→ Task directions
For this exercise, reproduce the entries below exactly, but only from the line containing "is s in Stab(q);" through the line containing "Finally Stab(q) is", both included.

→ Stored data entries

◇ ◇ ◇

(* Let $\mathfrak{q}$ be an $n\times n$ quantum parameter matrix over a field $k$, $V$ a $k$-vector space with basis $v_1,\dots,v_n$, and $r$ the number of distinct rows of $\mathfrak{q}$. Then $\mathrm{Aut}_{\mathrm{gr}}(S_{\mathfrak{q}}(V))\cong\big(\prod_{i=1}^r\mathrm{GL}(n_i,k)\big)\rtimes G$ for some positive integers $n_1,\dots,n_r$ and a group $G\subseteq\mathfrak{S}_r$ with the property that $H\subseteq G$ for every subgroup $H\subseteq\mathfrak{S}_r$ with $[r]^2/H=[r]^2/G$. Here $G=\mathrm{Stab}(\mathfrak{q})$.
   Context: An $n\times n$ quantum parameter matrix is a matrix $\mathfrak{q}=(q_{ij})$ over $k$ with $q_{ii}=1$ and $q_{ij}q_{ji}=1$. $S_{\mathfrak{q}}(V)$ is the $k$-algebra generated by $v_1,\dots,v_n$ with relations $v_jv_i=q_{ij}v_iv_j$, graded by $\deg v_i=1$; $\mathrm{Aut}_{\mathrm{gr}}$ is its group of degree-preserving algebra automorphisms. The blocks of $\mathfrak{q}$ are the classes of the partition of $[n]$ with $i\sim j$ iff rows $i,j$ are identical (there are $r$ of them); $\mathfrak{q}_{BC}=(q_{ij})_{i\in B,j\in C}$; $\mathfrak{S}_r$ permutes the blocks and $\mathrm{Stab}(\mathfrak{q})=\{\sigma\in\mathfrak{S}_r:|\sigma(B)|=|B|\text{ and }\mathfrak{q}_{BC}=\mathfrak{q}_{\sigma(B)\sigma(C)}\text{ for all blocks }B,C\}$. $\mathfrak{S}_r$ acts diagonally on $[r]^2$ and $[r]^2/H$ denotes the partition of $[r]^2$ into $H$-orbits. *)

From HB Require Import structures.
From mathcomp Require Import all_boot all_order all_algebra all_fingroup.
Set Implicit Arguments. Unset Strict Implicit. Unset Printing Implicit Defensive.
Import GRing.Theory.
Local Open Scope ring_scope.

Section QuantumSymmetric.
Variable k : fieldType.

Definition qparam (n : nat) (q : 'M[k]_n) : Prop :=
  (forall i, q i i = 1) /\ (forall i j, q i j * q j i = 1).

Definition alg_hom (A B : algType k) (f : A -> B) : Prop :=
  (forall (a : k) (x y : A), f (a *: x + y) = a *: f x + f y) /\
  (forall x y : A, f (x * y) = f x * f y) /\ f 1 = 1.

Definition q_relations (n : nat) (q : 'M[k]_n) (B : algType k) (b : 'I_n -> B) : Prop :=
  forall i j, b j * b i = q i j *: (b i * b j).

(* (A, v) is the k-algebra generated by v_1..v_n with relations v_j v_i = q_ij v_i v_j,
   i.e. S_q(V) with v_i the basis of V, given by its universal property. *)
Definition is_Sq (n : nat) (q : 'M[k]_n) (A : algType k) (v : 'I_n -> A) : Prop :=
  q_relations q v /\
  forall (B : algType k) (b : 'I_n -> B), q_relations q b ->
    (exists f : A -> B, alg_hom f /\ forall i, f (v i) = b i) /\
    (forall f1 f2 : A -> B, alg_hom f1 -> alg_hom f2 ->
       (forall i, f1 (v i) = f2 (v i)) -> f1 =1 f2).

Definition homog (n : nat) (A : algType k) (v : 'I_n -> A) (d : nat) (x : A) : Prop :=
  exists c : d.-tuple 'I_n -> k,
    x = \sum_(t : d.-tuple 'I_n) c t *: \prod_(i < d) v (tnth t i).

(* graded (degree-preserving) k-algebra automorphisms: elements of Aut_gr(S_q(V));
   the group law is composition *)
Definition gr_aut (n : nat) (A : algType k) (v : 'I_n -> A) (f : A -> A) : Prop :=
  alg_hom f /\ bijective f /\ (forall d x, homog v d x -> homog v d (f x)).

(* blocks: block c = {i | beta i = c}; beta labels the classes of identical rows *)
Definition block (n r : nat) (beta : 'I_n -> 'I_r) (c : 'I_r) : {set 'I_n} :=
  [set i | beta i == c].

(* the submatrix q_{BC}, rows/columns in increasing order *)
Definition subq (n : nat) (q : 'M[k]_n) (B C : {set 'I_n}) : seq (seq k) :=
  [seq [seq q i j | j <- enum C] | i <- enum B].

Definition Stab (n r : nat) (q : 'M[k]_n) (beta : 'I_n -> 'I_r) : {set {perm 'I_r}} :=
  [set s : {perm 'I_r} |
    [forall b : 'I_r, #|block beta (s b)| == #|block beta b|] &&
    [forall b : 'I_r, forall c : 'I_r,
       subq q (block beta b) (block beta c) == subq q (block beta (s b)) (block beta (s c))]].

(* transport of a square matrix along an equality of sizes (identity if sizes differ) *)
Definition mxtransp (m m' : nat) (M : 'M[k]_m) : 'M[k]_m' :=
  match m =P m' with
  | ReflectT e => castmx (e, e) M
  | ReflectF _ => 1%:M
  end.

(* the semidirect product (prod_c GL(n_c,k)) x| G, G acting by permuting factors:
   elements are pairs (g, s); (g, s) (h, t) = (c |-> g_c h_{s c}, s * t)
   (mathcomp: (s * t) x = t (s x), so this is a left action). *)
Definition sd_elt (r : nat) (n_ : 'I_r -> nat) : Type :=
  ({dffun forall c : 'I_r, 'M[k]_(n_ c)} * {perm 'I_r})%type.

Definition sd_in (r : nat) (n_ : 'I_r -> nat) (G : {set {perm 'I_r}}) (x : sd_elt n_) : Prop :=
  (forall c, x.1 c \in unitmx) /\ x.2 \in G.

Definition sd_mul (r : nat) (n_ : 'I_r -> nat) (x y : sd_elt n_) : sd_elt n_ :=
  (finfun (fun c : 'I_r => x.1 c *m @mxtransp (n_ (x.2 c)) (n_ c) (y.1 (x.2 c)) : 'M[k]_(n_ c)), (x.2 * y.2)%g).

End QuantumSymmetric.

(* [r]^2/H : the partition of [r]^2 into orbits of the diagonal action of H *)
Definition diagorb (r : nat) (H : {set {perm 'I_r}}) (x : 'I_r * 'I_r) : {set 'I_r * 'I_r} :=
  [set ((h : {perm 'I_r}) x.1, h x.2) | h in H].

Definition diag_orbit_partition (r : nat) (H : {set {perm 'I_r}}) : {set {set 'I_r * 'I_r}} :=
  [set diagorb H x | x : 'I_r * 'I_r].

From Pilot Require Import Defs.
From HB Require Import structures.
From mathcomp Require Import all_boot all_order all_algebra all_fingroup.
From mathcomp Require Import ring.
Set Implicit Arguments. Unset Strict Implicit. Unset Printing Implicit Defensive.
Import GRing.Theory.
Local Open Scope ring_scope.

(* A graded automorphism f is determined by the matrix M of its action on the
   generators, which are linearly independent.  Comparing the coefficients of
   v_e v_a on both sides of f(v_i) v_e = w f(v_i), in a truncated polynomial
   ring and in a truncated quantum plane (two small representations of S_q),
   gives q_ea = q_ji whenever M_ai and M_ej are nonzero.  Hence M is
   block-monomial for the blocks of identical rows of q, through a permutation
   s of the blocks that preserves their sizes and the submatrices q_BC, that
   is s in Stab(q); its blocks are invertible.  Conversely every such invertible
   block-monomial matrix respects the relations, hence defines an automorphism,
   and composition multiplies blocks with the twist of the semidirect product.
   Finally Stab(q) is the stabiliser of a function on pairs of blocks, so it
   contains every group with the same diagonal orbits on [r]^2. *)

Lemma big_tuple1 (R : nmodType) (I : finType) (F : 1.-tuple I -> R) :
  \sum_(t : 1.-tuple I) F t = \sum_(i : I) F [tuple i].
Proof.
rewrite (reindex (fun i : I => [tuple i])) //.
exists (fun t => tnth t ord0) => [i _ //|t _].
by apply: eq_from_tnth => i; rewrite (ord1 i).
Qed.

Lemma sumr_neq0P (R : nmodType) (I : finType) (F : I -> R) :
  \sum_i F i != 0 -> exists i, F i != 0.
Proof.
move=> nz; case: (pickP (fun i => F i != 0)) => [i ? | all0]; first by exists i.
by move: nz; rewrite big1 ?eqxx // => i _; apply/eqP/negbFE/all0.
Qed.

Lemma map_const_in (T U : eqType) (F : T -> U) (s : seq T) (K : U) :
  {in s, forall x, F x = K} -> map F s = nseq (size s) K.
Proof.
by move=> h; rewrite -(size_map F); apply/all_pred1P/allP => _ /mapP [x xs ->]; rewrite /= h.
Qed.

Lemma nseq2_inj (T : Type) m p m' p' (K K' : T) : (0 < m)%N -> (0 < p)%N ->
  nseq m (nseq p K) = nseq m' (nseq p' K') -> K = K'.
Proof.
case: m => // m _; case: p => // p _; case: m' => [|m'] //=; case: p' => [|p'] //=.
by case.
Qed.

Section AlgHom.
Variables (k : fieldType) (A B : algType k).
Implicit Types f : A -> B.

Lemma alg_hom0 f : alg_hom f -> f 0 = 0.
Proof.
by case=> lin _; have := lin (-1) 0 0; rewrite scaler0 addr0 scaleN1r addNr.
Qed.

Lemma alg_homD f : alg_hom f -> {morph f : x y / x + y}.
Proof. by move=> [lin _] x y; have := lin 1 x y; rewrite !scale1r. Qed.

Lemma alg_homZ f : alg_hom f -> forall a, {morph f : x / a *: x}.
Proof.
by move=> hf a x; case: (hf) => lin _; have := lin a x 0; rewrite !addr0 (alg_hom0 hf) addr0.
Qed.

Lemma alg_homM f : alg_hom f -> {morph f : x y / x * y}.
Proof. by case=> _ []. Qed.

Lemma alg_hom1 f : alg_hom f -> f 1 = 1.
Proof. by case=> _ []. Qed.

Lemma alg_hom_prod f (I : Type) (s : seq I) (P : pred I) (F : I -> A) :
  alg_hom f -> f (\prod_(i <- s | P i) F i) = \prod_(i <- s | P i) f (F i).
Proof. by move=> hf; apply: big_morph; [exact: alg_homM | exact: alg_hom1]. Qed.

Lemma alg_hom_lincomb f (I : Type) (s : seq I) (P : pred I) (c : I -> k) (F : I -> A) :
  alg_hom f -> f (\sum_(i <- s | P i) c i *: F i) = \sum_(i <- s | P i) c i *: f (F i).
Proof.
move=> hf; rewrite (big_morph f (alg_homD hf) (alg_hom0 hf)).
by apply: eq_bigr => i _; rewrite alg_homZ.
Qed.

Lemma alg_hom_id : alg_hom (@id A).
Proof. by []. Qed.

Lemma alg_hom_can f (g : B -> A) : alg_hom f -> cancel f g -> cancel g f -> alg_hom g.
Proof.
move=> hf fK gK; split; last split.
- by move=> a x y; apply: (can_inj fK); rewrite gK (alg_homD hf) (alg_homZ hf) !gK.
- by move=> x y; apply: (can_inj fK); rewrite gK (alg_homM hf) !gK.
- by apply: (can_inj fK); rewrite gK (alg_hom1 hf).
Qed.

End AlgHom.

Lemma alg_hom_comp (k : fieldType) (A B C : algType k) (g : B -> C) (f : A -> B) :
  alg_hom g -> alg_hom f -> alg_hom (g \o f).
Proof.
move=> hg hf; split; last split.
- by move=> a x y /=; rewrite (alg_homD hf) (alg_homZ hf) (alg_homD hg) (alg_homZ hg).
- by move=> x y /=; rewrite (alg_homM hf) (alg_homM hg).
- by rewrite /= (alg_hom1 hf) (alg_hom1 hg).
Qed.

Section TestMatrices.
Variable k : fieldType.

Definition nil3 : 'M[k]_3 := \matrix_(i, j) ((i : nat) == j.+1)%:R.

(* [qplaneX] and [qplaneY c] square to zero and satisfy [Y X = c X Y]: they
   realise the quantum plane in degrees at most two. *)
Definition qplaneX : 'M[k]_4 := \matrix_(i, j)
  ((((i : nat) == 1%N) && ((j : nat) == 0%N)) || (((i : nat) == 3%N) && ((j : nat) == 2%N)))%:R.

Definition qplaneY (c : k) : 'M[k]_4 := \matrix_(i, j)
  (if ((i : nat) == 2%N) && ((j : nat) == 0%N) then 1 else
   if ((i : nat) == 3%N) && ((j : nat) == 1%N) then c else 0).

Lemma nil3_mulE (a b : k) : ((a *: nil3) * (b *: nil3)) ord_max ord0 = a * b.
Proof.
rewrite -scalerAl -scalerAr !mxE !big_ord_recl !big_ord0 !mxE /=.
by rewrite !(mul0r, mulr0, mul1r, addr0, add0r, mulr1).
Qed.

Lemma qplane_mulE (a b c d e : k) :
  ((a *: qplaneX + b *: qplaneY e) * (c *: qplaneX + d *: qplaneY e)) ord_max ord0
  = a * d + b * c * e.
Proof.
rewrite !mxE !big_ord_recl !big_ord0 !mxE /=.
rewrite !(mul0r, mulr0, mul1r, addr0, add0r, mulr1).
ring.
Qed.

Lemma qplaneYX c : qplaneY c * qplaneX = c *: (qplaneX * qplaneY c).
Proof.
apply/matrixP => i j; rewrite !mxE !big_ord_recl !big_ord0 !mxE /=.
case: i => [[|[|[|[|?]]]] ?] //=; case: j => [[|[|[|[|?]]]] ?] //=;
by rewrite !(mul0r, mulr0, mul1r, addr0, add0r, mulr1).
Qed.

End TestMatrices.

Section PairStabilizer.
Variables (r : nat) (T : eqType) (F : 'I_r -> 'I_r -> T).

Definition pair_stab : {set {perm 'I_r}} :=
  [set s : {perm 'I_r} | [forall b, forall c, F (s b) (s c) == F b c]].

Lemma pair_stabP (s : {perm 'I_r}) : reflect (forall b c, F (s b) (s c) = F b c) (s \in pair_stab).
Proof.
rewrite inE; apply: (iffP forallP) => [h b c | h b].
  exact/eqP/(forallP (h b)).
by apply/forallP => c; apply/eqP.
Qed.

Lemma pair_stab_group : group_set pair_stab.
Proof.
apply/group_setP; split; first by apply/pair_stabP => b c; rewrite !perm1.
by move=> s t /pair_stabP hs /pair_stabP ht; apply/pair_stabP => b c; rewrite !permM ht hs.
Qed.

(* Two points in one diagonal orbit of [H] lie in one orbit of [pair_stab],
   on which [F] is constant. *)
Lemma pair_stab_max (H : {group {perm 'I_r}}) :
  diag_orbit_partition H = diag_orbit_partition pair_stab -> H \subset pair_stab.
Proof.
move=> eqHG; apply/subsetP => h hH; apply/pair_stabP => b c.
have : diagorb H (b, c) \in diag_orbit_partition pair_stab by rewrite -eqHG; apply: imset_f.
case/imsetP => x _ orbit_bc.
have /imsetP [g /pair_stabP hg [eb ec]] : (b, c) \in diagorb pair_stab x.
  by rewrite -orbit_bc; apply/imsetP; exists 1%g; rewrite ?group1 ?perm1.
have /imsetP [g' /pair_stabP hg' [ehb ehc]] : (h b, h c) \in diagorb pair_stab x.
  by rewrite -orbit_bc; apply/imsetP; exists h.
by rewrite ehb ehc hg' eb ec hg.
Qed.

End PairStabilizer.

Lemma mulmx1_support (k : fieldType) n (M N : 'M[k]_n) : M *m N = 1%:M ->
  forall a, exists i, (M a i != 0) && (N i a != 0).
Proof.
move=> MN a; have /matrixP/(_ a a) := MN; rewrite !mxE eqxx => e.
have [i] : exists i, M a i * N i a != 0 by apply: sumr_neq0P; rewrite e oner_eq0.
by rewrite mulf_eq0 negb_or => hi; exists i.
Qed.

◇ ◇ ◇

→ Output for this task
   is s in Stab(q); its blocks are invertible.  Conversely every such invertible
   block-monomial matrix respects the relations, hence defines an automorphism,
   and composition multiplies blocks with the twist of the semidirect product.
   Finally Stab(q) is the stabiliser of a function on pairs of blocks, so it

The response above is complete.